Трактирщик вытащил из-под стойки тяжелую дубовую палку.
— Руки? Ноги? Выбирай сам, — сказал он.
— О, ПРЕКРАТИ, Рон, сколько лет ты меня знаешь!
— Да, Фред, ты всегда был хорошим клиентом, поэтому я позволю тебе зажмуриться.
— Но это все деньги, что у меня есть!
Трактирщик ухмыльнулся.
— Значит, тебе повезло!
Шельма Задранец, тяжело дыша, прислонилась к стене в коридоре рядом со своей кладовкой-кабинетом.
Этому начинающие алхимики учились чуть ли не первым делом. Как говорили ее учителя, есть два типа хорошего алхимика: атлет и интеллектуал. Хороший алхимик первого типа способен за три секунды перепрыгнуть через стол, выскочить в дверь и спрятаться за крепкой стеной, а хороший алхимик второго типа знает ТОЧНО, когда пора делать ноги.

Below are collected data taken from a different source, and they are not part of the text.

(* Let $d\ge1$, $\delta>0$, $L>0$, and let $F$ be a real-valued function that is continuously differentiable on an open set containing $[-\delta,1+\delta]^d$ and whose gradient is $L$-Lipschitz on $[-\delta,1+\delta]^d$. Then for every $\epsilon>0$ there exist integers $n_1,n_2\ge1$, scalars $t_1,t_2>0$, matrices $\boldsymbol{W}_k\in\mathbb{R}^{n_k\times d}$ and vectors $\boldsymbol{a}_k\in\mathbb{R}^{n_k}$, $\boldsymbol{c}_k\in\mathbb{R}^d$ ($k=1,2$) such that, with $g_k(\boldsymbol{x})=\boldsymbol{W}_k^\top\mathrm{softmax}(t_k(\boldsymbol{W}_k\boldsymbol{x}+\boldsymbol{a}_k))+\boldsymbol{c}_k$, $$\sup_{\boldsymbol{x}\in[0,1]^d}\|\nabla F(\boldsymbol{x})-(g_1(\boldsymbol{x})-g_2(\boldsymbol{x}))\|<\epsilon .$$ Moreover $g_1-g_2$ is the gradient of a $C^1$ function on $\mathbb{R}^d$.
   Context: $\mathrm{softmax}(\boldsymbol{z})_i=e^{z_i}/\sum_j e^{z_j}$. $\|\cdot\|$ is the Euclidean norm. *)

From HB Require Import structures.
From mathcomp Require Import all_boot all_order all_algebra.
From mathcomp Require Import all_classical all_reals all_analysis.
Set Implicit Arguments. Unset Strict Implicit. Unset Printing Implicit Defensive.
Import Order.TTheory GRing.Theory Num.Theory.
Import numFieldNormedType.Exports.
Local Open Scope classical_set_scope.
Local Open Scope ring_scope.

(* Euclidean norm on R^d (the library's norm on matrices is the max norm). *)
Definition enorm {R : realType} {d : nat} (v : 'rV[R]_d) : R :=
  Num.sqrt (\sum_(i < d) (v ord0 i) ^+ 2).

Definition softmax {R : realType} {n : nat} (z : 'rV[R]_n) : 'rV[R]_n :=
  \row_(i < n) (expR (z ord0 i) / \sum_(j < n) expR (z ord0 j)).

Definition grad {R : realType} {d : nat} (F : 'rV[R]_d -> R) (x : 'rV[R]_d)
  : 'rV[R]_d :=
  \row_(i < d) ('D_(delta_mx ord0 i) F x).

Definition cube {R : realType} {d : nat} (a b : R) : set 'rV[R]_d :=
  [set x | forall i : 'I_d, a <= x ord0 i <= b].

(* g(x) = W^T softmax(t (W x + a)) + c, written with row vectors:
   W x = x *m W^T,  W^T s = s *m W. *)
Definition softmax_layer {R : realType} {n d : nat} (t : R) (W : 'M[R]_(n, d))
  (a : 'rV[R]_n) (c : 'rV[R]_d) (x : 'rV[R]_d) : 'rV[R]_d :=
  softmax (t *: (x *m W^T + a)) *m W + c.

From HB Require Import structures.
From mathcomp Require Import all_boot all_order all_algebra.
From mathcomp Require Import all_classical all_reals all_analysis.
From mathcomp Require Import lra ring.
Import Order.TTheory GRing.Theory Num.Theory.
Import numFieldNormedType.Exports.
Local Open Scope classical_set_scope.
Local Open Scope ring_scope.

(* With K = 4L, Phi x = F x + K/2 |x|^2 lies above each of its tangent planes
   l_p, and by the Taylor bound for the L-Lipschitz gradient the height
   Phi x - l_p x is between L |x - p|^2 and 3L |x - p|^2.  On a fine grid of
   points p_j, the softmax of t l_{p_j}(x) therefore concentrates, as t grows,
   on grid points close to x, so the softmax layer with rows grad Phi (p_j)
   approximates grad Phi x = grad F x + K x uniformly on the cube.  Doing the
   same for the quadratic K/2 |x|^2 alone and subtracting leaves grad F.  Each
   layer is the exact gradient of the smooth log-sum-exp potential
   t^-1 log sum_j exp (t l_{p_j}(x)), so the difference is a gradient field. *)
Section Euclidean.
Context {R : realType} {d : nat}.
Implicit Types u v w x p : 'rV[R]_d.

Оборудование было никуда не годным. Она сперла из Гильдии все, что могла, но НАСТОЯЩАЯ алхимическая лаборатория должна быть битком набита всякими банками-склянками, выглядящими так, словно их сотворил страдающий икотой стеклодув. И настоящий алхимик не должен ставить опыты, используя в качестве мензурки кружку с рисунком плюшевого мишки, из-за которой капрал Шноббс наверняка расстроится, когда не найдет ее на прежнем месте.
Решив, что дым более-менее рассеялся, Шельма вернулась в свою кладовку.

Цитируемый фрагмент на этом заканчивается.